Lemma kac_c_le_unit n w : 0 <= w <= 1 ->
  (1 - w) ^+ 2 * kac_c n w <= 2 * w * kac_a n w.
Proof.
move=> /andP[w0 w1]; rewrite kac_c_geometric.
have := kac_a_geometric n w.
have wn : w ^+ n.+1 <= w by rewrite exprS ler_piMr // exprn_ile1.
have wn0 : 0 <= w ^+ n.+1 := exprn_ge0 _ w0.
have n0 : 0 <= n%:R :> R := ler0n _ _.
have : 0 <= (1 - w) * n%:R ^+ 2 * w ^+ n.+1 by rewrite !mulr_ge0 ?subr_ge0.
have : 0 <= n%:R * w ^+ n.+1 by exact: mulr_ge0.
nra.
Qed.

(* [n^2 a - 2 n b + c = \sum_j (n - j)^2 w^j] is [w^n c_n(1/w)], so this is
   the reflection of [kac_c_le_unit] through [w |-> 1/w]. *)
Lemma kac_reflected_c_le n w : 1 <= w ->
  (w - 1) ^+ 2 * (n%:R ^+ 2 * kac_a n w - 2 * n%:R * kac_b n w + kac_c n w)
    <= 2 * w * kac_a n w.
Proof.
move=> w1.
have := kac_a_geometric n w; have := kac_b_geometric n w.
have := kac_c_geometric n w.
set a := kac_a n w; set b := kac_b n w; set c := kac_c n w; set P := w ^+ n.+1.
move=> ec eb ea.
have -> : (w - 1) ^+ 2 * (n%:R ^+ 2 * a - 2 * n%:R * b + c) =
   2 * w * a - 2 * w - P - (2 * n%:R - 1) * w - (w - 1) * n%:R ^+ 2
   + (n%:R ^+ 2 * (1 - w) + 2 - 2 * n%:R) * ((1 - w) * a - (1 - P))
   - 2 * n%:R * (1 - w) * ((1 - w) * b - (a - 1 - n%:R * P))
   + ((1 - w) ^+ 2 * c - (2 * (a - 1) - w - (2 * n%:R - 1) * P
       - (1 - w) * n%:R ^+ 2 * P)) by ring.
rewrite ea eb ec !subrr !mulr0 subr0 !addr0.
have P0 : 0 <= P by rewrite exprn_ge0 // (le_trans ler01).
have n0 : 0 <= n%:R :> R := ler0n _ _.
have : 0 <= (w - 1) * n%:R ^+ 2 by rewrite mulr_ge0 ?subr_ge0 ?exprn_ge0.
nra.
Qed.

End KacSums.

Section KacF.
Context {R : realType}.
Implicit Types w : R.

Definition kac_K n w : R :=
  (kac_a n w * kac_c n w - kac_b n w ^+ 2) / (w * kac_a n w ^+ 2).

Lemma kac_F_ge0 n w : 0 <= kac_F n w.
Proof. by rewrite /kac_F !mulr_ge0 ?invr_ge0 ?sqrtr_ge0. Qed.

Lemma kac_ratio_ge0 n w : 0 <= w -> 0 <= kac_c n w / kac_a n w.
Proof. by move=> w0; rewrite divr_ge0 ?kac_c_ge0 // ltW // kac_a_gt0. Qed.

Lemma kac_F_sqr n w : 0 < w -> kac_F n w ^+ 2 =
  kac_c n w / kac_a n w * Num.sqrt (kac_K n w) ^+ 2 / (4 * w).
Proof.
move=> w0; have a0 := kac_a_gt0 n w (ltW w0).
have B0 := kac_ratio_ge0 n w (ltW w0).
rewrite /kac_F -/(kac_K n w) !exprMn exprVn exprMn.
rewrite (sqr_sqrtr B0) (sqr_sqrtr (ltW w0)).
by field; rewrite !gt_eqF.
Qed.

Lemma kac_K_le n w : 0 < w -> kac_K n w <= kac_c n w / kac_a n w / w.
Proof.
move=> w0; have a0 := kac_a_gt0 n w (ltW w0).
have -> : kac_K n w = kac_c n w / kac_a n w / w
    - kac_b n w ^+ 2 / (w * kac_a n w ^+ 2).
  by rewrite /kac_K; field; rewrite !gt_eqF.
by rewrite lerBlDr lerDl divr_ge0 ?sqr_ge0 // mulr_ge0 ?sqr_ge0 ?ltW.
Qed.

Lemma kac_K_mul_le n w : 1 <= w -> kac_K n w * (w - 1) ^+ 2 <= 2.
Proof.
move=> w1; have w0 : 0 < w by rewrite (lt_le_trans ltr01).
have a0 := kac_a_gt0 n w (ltW w0).
set d := n%:R ^+ 2 * kac_a n w - 2 * n%:R * kac_b n w + kac_c n w.
have -> : kac_K n w = d / (kac_a n w * w)
    - (n%:R * kac_a n w - kac_b n w) ^+ 2 / (w * kac_a n w ^+ 2).
  by rewrite /kac_K /d; field; rewrite !gt_eqF.
have hd : d / (kac_a n w * w) * (w - 1) ^+ 2 <= 2.
  rewrite mulrAC ler_pdivrMr ?mulr_gt0 // mulrC (mulrC (kac_a n w)) mulrA.
  exact: kac_reflected_c_le.
apply: le_trans hd; rewrite ler_wpM2r ?sqr_ge0 // lerBlDr lerDl.
by rewrite divr_ge0 ?sqr_ge0 // mulr_ge0 ?sqr_ge0 ?ltW.
Qed.

Lemma kac_F_le_ratio n w : 0 < w ->
  kac_F n w <= kac_c n w / kac_a n w / w / 2.
Proof.
move=> w0; have a0 := kac_a_gt0 n w (ltW w0).
have B0 := kac_ratio_ge0 n w (ltW w0).
have F0 := kac_F_ge0 n w.
rewrite -ler_sqr ?nnegrE //; last by rewrite divr_ge0 // divr_ge0 // ltW.
rewrite kac_F_sqr //.
have -> : (kac_c n w / kac_a n w / w / 2) ^+ 2 =
    kac_c n w / kac_a n w * (kac_c n w / kac_a n w / w) / (4 * w).
  by field; rewrite !gt_eqF.
rewrite ler_pM2r ?invr_gt0 ?mulr_gt0 //.
apply: (ler_wpM2l B0); apply: sqr_sqrtr_le; last exact: kac_K_le.
by rewrite divr_ge0 // ltW.
Qed.

Lemma kac_F_le_unit n w : (2 <= n)%N -> 0 < w <= 1 ->
  kac_F n w <= 4 * n%:R ^+ 2 / (1 + n%:R * (1 - w)) ^+ 2.
Proof.
move=> n2 /andP[w0 w1]; have a0 := kac_a_gt0 n w (ltW w0).
apply: le_trans (kac_F_le_ratio n w w0) _.
apply: half_le_unit_profile; first by rewrite ler_nat.
- by rewrite w0 w1.
- by rewrite divr_ge0 ?kac_ratio_ge0 ?ltW.
- rewrite mulrAC ler_pdivrMr // mulrAC ler_pdivrMr // mulrC.
  by apply: kac_c_le_unit; rewrite ltW.
- by rewrite divfK ?gt_eqF // ler_pdivrMr // kac_c_le ?ltW.
Qed.

Lemma kac_F_le_above1 n w : 1 <= w ->
  kac_F n w <= 2 * n%:R ^+ 2 / (1 + n%:R * (w - 1)).
Proof.
move=> w1; have w0 : 0 < w by rewrite (lt_le_trans ltr01).
have a0 := kac_a_gt0 n w (ltW w0).
have B0 := kac_ratio_ge0 n w (ltW w0).
have BN : kac_c n w / kac_a n w <= n%:R ^+ 2.
  by rewrite ler_pdivrMr // kac_c_le ?ltW.
set S := Num.sqrt (kac_K n w) ^+ 2.
have SN : S <= n%:R ^+ 2.
  apply: sqr_sqrtr_le; first exact: sqr_ge0.
  apply: le_trans (kac_K_le n w w0) _; apply: le_trans BN.
  by rewrite ler_pdivrMr // ler_peMr.
have Sw : S * (w - 1) ^+ 2 <= 2.
  have -> : w - 1 = Num.sqrt ((w - 1) ^+ 2) by rewrite sqrtr_sqr ger0_norm ?subr_ge0.
  rewrite /S -exprMn mulrC -sqrtrM ?sqr_ge0 //.
  by apply: sqr_sqrtr_le => //; rewrite mulrC kac_K_mul_le.
have pos : 0 < 1 + n%:R * (w - 1) by rewrite ltr_pwDl // mulr_ge0 ?subr_ge0.
have F0 := kac_F_ge0 n w.
have S0 : 0 <= S by exact: sqr_ge0.
have rhs0 : 0 <= 2 * n%:R ^+ 2 / (1 + n%:R * (w - 1)).
  exact: divr_ge0 (mulr_ge0 (ler0n _ 2) (sqr_ge0 _)) (ltW pos).
rewrite -ler_sqr ?nnegrE //.
apply: (@le_trans _ _ (n%:R ^+ 2 * S / 4)).
  rewrite kac_F_sqr // -/S (mulrC 4) invfM mulrA ler_wpM2r ?invr_ge0 //.
  rewrite ler_pdivrMr // (le_trans (ler_wpM2r S0 BN)) // ler_peMr //.
  by rewrite mulr_ge0 ?sqr_ge0.
by apply: le_sqr_above1_profile; rewrite ?ler0n ?S0 ?SN.
Qed.
(* Let $\alpha\in(0,1)$ and $\nu\in\mathbb{N}$ with $2\nu>1/(1-\alpha)$, and let $K_{\alpha,\nu}(x)=\sum_{k=0}^{\infty}2^{-2\alpha\nu k}\phi(2^{2\nu k}x)$, where $\phi$ is the $2$-periodic function with $\phi(x)=|x|$ on $[-1,1]$. Then for every $M\ge 1$ and every $m\in\mathbb{N}$, \[ \frac{1}{2M}\int_{-M}^{M}\left|\frac{K_{\alpha,\nu}(x+2^{-2\nu m-1})-K_{\alpha,\nu}(x)}{2^{-2\nu m-1}}\right|dx\ \ge\ \frac14\,K(m,\nu,\alpha,1), \] where $K(m,\nu,\alpha,1)=\dfrac{2^{2\nu(1-\alpha)}-2}{2^{2\nu(1-\alpha)}-1}\big(2^{2\nu(1-\alpha)}\big)^{m}$. *)

From Stdlib Require Import Reals Lra Lia.
From Coquelicot Require Import Coquelicot.
Open Scope R_scope.

(* phi : the 2-periodic function with phi x = |x| on [-1,1].
   Int_part is the floor; x - 2*floor((x+1)/2) lies in [-1,1). *)
Definition phi (x : R) : R := Rabs (x - 2 * IZR (Int_part ((x + 1) / 2))).

Definition Kan (alpha : R) (nu : nat) (x : R) : R :=
  Series (fun k : nat => Rpower 2 (- (2 * alpha * INR nu * INR k))
                         * phi (2 ^ (2 * nu * k) * x)).

Definition Kconst (m nu : nat) (alpha : R) : R :=
  (Rpower 2 (2 * INR nu * (1 - alpha)) - 2) / (Rpower 2 (2 * INR nu * (1 - alpha)) - 1)
  * (Rpower 2 (2 * INR nu * (1 - alpha))) ^ m.

From Stdlib Require Import Reals Lra Lia.
From Coquelicot Require Import Coquelicot.
Open Scope R_scope.

(* Write r = 2^(2 nu (1 - alpha)) and h = 2^(-2 nu m - 1).  At every scale k > m the
   step h is an even integer, so those terms of the series do not move and the increment
   is a finite sum over k <= m.  Since phi is 1-Lipschitz, the k-th term of the
   difference quotient is at most r^k, while on the half [j, j + 1/2] of every cell of
   2^(2 nu m) x the top term k = m equals r^m exactly.  Hence the quotient is at least
   r^m - (r^m - 1)/(r - 1) >= K(m, nu, alpha, 1) on half of [-n, n] for each integer n;
   taking n = floor M >= M/2 gives the factor 1/4. *)

Lemma phi_spec x : exists n : Z, phi x = Rabs (x - 2 * IZR n) /\ Rabs (x - 2 * IZR n) <= 1.
Proof.
  exists (Int_part ((x + 1) / 2)); split; [reflexivity|].
  destruct (base_Int_part ((x + 1) / 2)); apply Rabs_le; lra.
Qed.
(* The polynomials P_d of the header, in the basis 1, L, L^2. *)
Definition gap_coef (d : nat) : vec3 R :=
  match d with
  | 0 | 1 => Vec3 2 0 0
  | 2 => Vec3 0 1 0
  | 3 => Vec3 (- (2 * al)) (- ga) (- 1)
  | 4 => Vec3 (- (2 * al ^+ 2)) (- (be + al * ga)) (- al)
  | 5 => Vec3 (2 * (be ^+ 2 - al ^+ 3)) (- (2 * al * be + al ^+ 2 * ga)) (- al ^+ 2)
  | 6 => Vec3 (- (2 * (be ^+ 3 + al * be ^+ 2 * ga + 2 * al ^+ 3 * be))) (al ^+ 4)
              (- (al ^+ 2 * be))
  | 7 => Vec3 (2 * (be ^+ 4 + 2 * al * be ^+ 3 * ga + al ^+ 2 * be ^+ 2 * ga ^+ 2
                    + al ^+ 3 * be ^+ 2 + 2 * al ^+ 4 * be * ga + al ^+ 6))
              (2 * al * be ^+ 3 + al ^+ 2 * be ^+ 2 * ga + 2 * al ^+ 4 * be)
              (- (al ^+ 2 * be ^+ 2))
  | _ => Vec3 0 0 0
  end.

Definition somosA := - (al ^+ 3 + al * be * ga + be ^+ 2).
Definition somosB := (be ^+ 2 - somosA) * al ^+ 2.
Definition somosC := somosA * (somosA - be ^+ 2).

Ltac gram_ring := rewrite /odd_gram /even_gram /gap_coef; destruct_gram; destruct_vec5; vec5_ring.

Lemma expand_gap3 G C :
  expand_prod (gap_coef 3) (gap_coef 1) G = expand_cross (gap_coef 2) (odd_gram G C).
Proof. gram_ring. Qed.

Lemma expand_gap5 G C :
  expand_prod (gap_coef 5) (gap_coef 3) G = expand_cross (gap_coef 4) (odd_gram G C).
Proof. gram_ring. Qed.

Lemma expand_gap7 G C :
  expand_prod (gap_coef 7) (gap_coef 5) G = expand_cross (gap_coef 6) (odd_gram G C).
Proof. gram_ring. Qed.

Lemma expand_gap4 G D :
  wscale 8 (expand_prod (gap_coef 4) (gap_coef 0) G) = expand_sq (gap_coef 2) (even_gram G D).
Proof. gram_ring. Qed.

Lemma expand_gap6 G D :
  wscale 8 (expand_prod (gap_coef 6) (gap_coef 2) G) = expand_sq (gap_coef 4) (even_gram G D).
Proof. gram_ring. Qed.

Lemma gap_coef7_somos :
  gap_coef 7 = vcomb (Vec3 somosA somosB somosC) (gap_coef 5) (gap_coef 3) (gap_coef 1).
Proof. rewrite /somosC /somosB /somosA /gap_coef; vec3_ring. Qed.

End GapCoefficients.

Section QRTLinearisation.
Variables (R : comRingType) (a1 a2 a3 a5 a6 I : R).
Implicit Types (y z : R * R) (e v : vec3 R).

Definition biquad y z :=
  a1 * y.1 ^+ 2 * z.1 ^+ 2 + a2 * (y.1 ^+ 2 * z.1 * z.2 + y.1 * y.2 * z.1 ^+ 2)
  + a3 * (y.1 ^+ 2 * z.2 ^+ 2 + y.2 ^+ 2 * z.1 ^+ 2) - I * y.1 * y.2 * z.1 * z.2
  + a5 * (y.1 * y.2 * z.2 ^+ 2 + y.2 ^+ 2 * z.1 * z.2) + a6 * y.2 ^+ 2 * z.2 ^+ 2.

Lemma biquadC y z : biquad y z = biquad z y.
Proof. rewrite /biquad; ring. Qed.

Definition qalpha := a2 * a5 + a3 ^+ 2 - a1 * a6 + a3 * I.
Definition qbeta := (a1 * a5 - 2 * a2 * a3) * a5 + a2 ^+ 2 * a6 + (a1 * a6 - a3 ^+ 2) * I.
Definition qgamma := 4 * a3 + I.

(* Vieta in the coordinates of [lprod]: if [biquad u z = a u1^2 + b u1 u2 + c u2^2],
   then [mxapp Lmx (lprod z z) = -2 (c, -b, a)], a multiple of [lprod y w] for the two
   roots [y], [w] of [biquad _ z]. *)
Definition Lmx : mat3 R :=
  Mat3 (Vec3 (- (2 * a3)) (- a5) (- (2 * a6))) (Vec3 (2 * a2) (- I) (2 * a5))
       (Vec3 (- (2 * a1)) (- a2) (- (2 * a3))).
Definition Lpow (i : nat) : mat3 R :=
  match i with 0 => mid R | 1 => Lmx | _ => mmul Lmx Lmx end.
Definition Lpoly e := mcomb e (Lpow 0) (Lpow 1) (Lpow 2).

Definition Lgram v := gram_of (mxapp (Lpow 0) v) (mxapp (Lpow 1) v) (mxapp (Lpow 2) v).
Definition Lcross u v :=
  cross_gram (mxapp (Lpow 0) u) (mxapp (Lpow 1) u) (mxapp (Lpow 2) u)
             (mxapp (Lpow 0) v) (mxapp (Lpow 1) v) (mxapp (Lpow 2) v).
Definition Lpolar v := polar_gram (Lpow 0) (Lpow 1) (Lpow 2) (mxapp Lmx v).

Ltac unfold_L := cbv [Lmx Lpow Lpoly Lgram Lcross Lpolar biquad qalpha qbeta qgamma
  odd_gram even_gram gap_coef].
Ltac L_ring := unfold_L; unfold_forms; ring.

Lemma mxapp_Lpoly_gap0 al be ga v : mxapp (Lpoly (gap_coef al be ga 0)) v = vscale 2 v.
Proof. case: v => *; apply: vec3_ext; L_ring. Qed.

Lemma mxapp_Lpoly_gap1 al be ga v : mxapp (Lpoly (gap_coef al be ga 1)) v = vscale 2 v.
Proof. exact: mxapp_Lpoly_gap0. Qed.

Lemma mxapp_Lpoly_gap2 al be ga v : mxapp (Lpoly (gap_coef al be ga 2)) v = mxapp Lmx v.
Proof. case: v => *; apply: vec3_ext; L_ring. Qed.

Lemma mxapp_Lpoly_vcomb c e f g v :
  mxapp (Lpoly (vcomb c e f g)) v =
  vcomb c (mxapp (Lpoly e) v) (mxapp (Lpoly f) v) (mxapp (Lpoly g) v).
Proof. destruct_vec3; apply: vec3_ext; L_ring. Qed.

Lemma Lpolar_even_gram y :
  Lpolar (lprod y y) =
  even_gram qalpha qbeta qgamma (Lgram (lprod y y)) (g01 (Lpolar (lprod y y))).
Proof. by apply: gram_ext => //; apply: vec5_ext; L_ring. Qed.

Section OddRelations.
Variables y z : R * R.
Hypothesis biquad0 : biquad y z = 0.

Ltac by_biquad h := apply/eqP; rewrite -subr_eq0; apply/eqP;
  transitivity (h * biquad y z); [L_ring | by rewrite biquad0 mulr0].

Local Notation G :=
  (odd_gram qalpha qbeta qgamma (Lgram (lprod y z)) (g01 (Lcross (lprod z z) (lprod y y)))).

Lemma Lcross_biquad11 : g11 (Lcross (lprod z z) (lprod y y)) = g11 G.
Proof.
apply: vec5_ext.
- by_biquad (4 * a6).
- by_biquad (- (8 * a5)).
- by_biquad (- (4 * I) + 8 * a3).
- by_biquad (- (8 * a2)).
- by_biquad (4 * a1).
Qed.

Lemma Lcross_biquad02 : g02 (Lcross (lprod z z) (lprod y y)) = g02 G.
Proof.
apply: vec5_ext.
- by_biquad (8 * a6).
- by_biquad (- (16 * a5)).
- by_biquad (- (8 * I) + 16 * a3).
- by_biquad (- (16 * a2)).
- by_biquad (8 * a1).
Qed.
□ □ □
> **Exercise description**:
Return every line from the entries above that contains the word "mulrC".

> **Result of the exercise**:
  rewrite mulrAC ler_pdivrMr ?mulr_gt0 // mulrC (mulrC (kac_a n w)) mulrA.
- rewrite mulrAC ler_pdivrMr // mulrAC ler_pdivrMr // mulrC.
  rewrite /S -exprMn mulrC -sqrtrM ?sqr_ge0 //.
  by apply: sqr_sqrtr_le => //; rewrite mulrC kac_K_mul_le.
  rewrite kac_F_sqr // -/S (mulrC 4) invfM mulrA ler_wpM2r ?invr_ge0 //.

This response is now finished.